Normal GEMMs for dense models

M N K Computation Memory bandwidth Speedup
64 2112 7168 206 TFLOPS 1688 GB/s 2.7x
64 24576 1536 289 TFLOPS 2455 GB/s 1.7x
64 32768 512 219 TFLOPS 2143 GB/s 1.8x
64 7168 16384 336 TFLOPS 2668 GB/s 1.4x
64 4096 7168 287 TFLOPS 2320 GB/s 1.4x
64 7168 2048 295 TFLOPS 2470 GB/s 1.7x
128 2112 7168 352 TFLOPS 1509 GB/s 2.4x
128 24576 1536 535 TFLOPS 2448 GB/s 1.6x
128 32768 512 358 TFLOPS 2103 GB/s 1.5x
128 7168 16384 645 TFLOPS 2604 GB/s 1.4x
128 4096 7168 533 TFLOPS 2221 GB/s 2.0x
128 7168 2048 510 TFLOPS 2277 GB/s 1.7x
4096 2112 7168 1058 TFLOPS 527 GB/s 1.1x
4096 24576 1536 990 TFLOPS 786 GB/s 1.0x
4096 32768 512 590 TFLOPS 1232 GB/s 1.0x
4096 7168 16384 1358 TFLOPS 343 GB/s 1.2x
4096 4096 7168 1304 TFLOPS 500 GB/s 1.1x
4096 7168 2048 1025 TFLOPS 697 GB/s 1.1x

Grouped GEMMs for MoE models (contiguous layout)

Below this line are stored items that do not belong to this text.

Lemma vnumber_adic_ge N (J : poly -> Prop) : (0 < N)%N ->
  (forall g, J g <-> adic_ge N g) -> vnumber J = (socle_degree + N.-1 * a j)%N.
Proof.
move=> N_gt0 JE; apply: least_eq; split; first exact: vnumber_prop_vwitness.
by move=> k; apply: vnumber_prop_ge.
Qed.

End MinimalExponent.
End PurePowerIdeal.

Theorem proposition4p13 (K : fieldType) (t : nat) (a : 'I_t -> nat)
  (ht : (0 < t)%N) (ha : forall i, (0 < a i)%N) (n : nat) (hn : (1 <= n)%N) :
  vnumber (ideal_pow (@pure_power_ideal K t a) n.+1)
  = (vnumber (@pure_power_ideal K t a) + n * alpha (@pure_power_ideal K t a))%N.
Proof.
(* The identity holds for n = 0 as well. *)
have [j _ a_min] := arg_minnP a (isT : predT (Ordinal ht)).
have {}a_min i : (a j <= a i)%N := a_min i isT.
rewrite (vnumber_adic_ge ha a_min (ltn0Sn n) (ideal_pow_pure_powerE (K := K) ha n.+1)).
rewrite (vnumber_adic_ge ha a_min (ltn0Sn 0) (pure_power_idealE (K := K) ha)).
by rewrite (alpha_pure_power K ha a_min) mul0n addn0.
Qed.
(* Let $\varepsilon>0$ and $q\in(0,1)$, and fix real numbers $\sigma$ and $\tau$. Then there exist constants $C>0$ and $V_0>0$, depending only on $\varepsilon$, $q$, $\sigma$ and $\tau$, such that for every real $v$ with $|v|\ge V_0$ and every complex $t$ with $\Re(t)=\tau$ satisfying $\inf_{r\in\mathbb{Z}_{\ge 0}}|1-q^{t+r}|>\varepsilon$, writing $s=\sigma+iv$, we have $$|\zeta_q(s,t)|\le \begin{cases} C & (\tau>0),\\ C\,|v| & (\tau=0),\\ C\exp\left(-\tau(1+\pi/2)\,|v|\right) & (\tau<0).\end{cases}$$
   Context: For $q\in(0,1)$ and a positive integer $m$, the $q$-integer is $[m]_q=\frac{1-q^m}{1-q}$, and $q^{w}=e^{w\log q}$ for complex $w$. The $q$-analogue of the Riemann zeta function (Kaneko–Kurokawa–Wakayama) is $\zeta_q(s,t)=\sum_{m=1}^\infty \frac{q^{mt}}{[m]_q^s}$, which converges absolutely for $s\in\mathbb{C}$, $\Re(t)>0$, and extends meromorphically to $\mathbb{C}^2$; its poles are simple and lie at $t\in\{a+2\pi i b/\log q : a,b\in\mathbb{Z},\ a\le 0\}$. For $\Re(t)\le 0$, $\zeta_q(s,t)$ denotes this meromorphic continuation (the hypothesis $\inf_{r\ge0}|1-q^{t+r}|>\varepsilon$ excludes the poles). *)

From Stdlib Require Import Reals.
From Coquelicot Require Import Coquelicot.
Open Scope R_scope.

Definition cexp (z : C) : C :=
  (exp (Re z) * cos (Im z), exp (Re z) * sin (Im z)).

Definition qpow (q : R) (w : C) : C := cexp (RtoC (ln q) * w)%C.

Definition qint (q : R) (m : nat) : R := (1 - q ^ m) / (1 - q).

Definition rpow_neg (x : R) (s : C) : C := cexp (- (RtoC (ln x) * s))%C.

Definition CSeries (a : nat -> C) : C :=
  (Series (fun n => Re (a n)), Series (fun n => Im (a n))).

(* Dirichlet series  sum_{m>=1} q^{m t} / [m]_q^s  (absolutely convergent
   for Re t > 0). *)
Definition zeta_q_dirichlet (q : R) (s t : C) : C :=
  CSeries (fun n => (qpow q (RtoC (INR (S n)) * t) * rpow_neg (qint q (S n)) s)%C).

#Groups M per group N K Computation Memory bandwidth Speedup
4 8192 4096 7168 1297 TFLOPS 418 GB/s 1.2x
4 8192 7168 2048 1099 TFLOPS 681 GB/s 1.2x
8 4096 4096 7168 1288 TFLOPS 494 GB/s 1.2x
8 4096 7168 2048 1093 TFLOPS 743 GB/s 1.1x

Grouped GEMMs for MoE models (masked layout)

#Groups M per group N K Computation Memory bandwidth Speedup
1 1024 4096 7168 1233 TFLOPS 924 GB/s 1.2x
1 1024 7168 2048 925 TFLOPS 968 GB/s 1.2x
2 512 4096 7168 1040 TFLOPS 1288 GB/s 1.2x
2 512 7168 2048 916 TFLOPS 1405 GB/s 1.2x
4 256 4096 7168 932 TFLOPS 2064 GB/s 1.1x
4 256 7168 2048 815 TFLOPS 2047 GB/s 1.2x

How to use DeepGEMM?

To use DeepGEMM, you need Hopper architecture GPUs with sm_90a support, Python 3.8 or higher, CUDA 12.3 or higher (12.8 or higher is recommended for best performance), PyTorch 2.1 or higher, and CUTLASS 3.6 or higher.

Development

# Submodule must be cloned
git clone --recursive [email protected]:deepseek-ai/DeepGEMM.git


# Make symbolic links for third-party (CUTLASS and CuTe) include directories
python setup.py develop


# Test JIT compilation
python tests/test_jit.py


# Test all GEMM implements (normal, contiguous-grouped and masked-grouped)
python tests/test_core.py

Installation

python setup.py install

Finally, import deep_gemm and you’re done!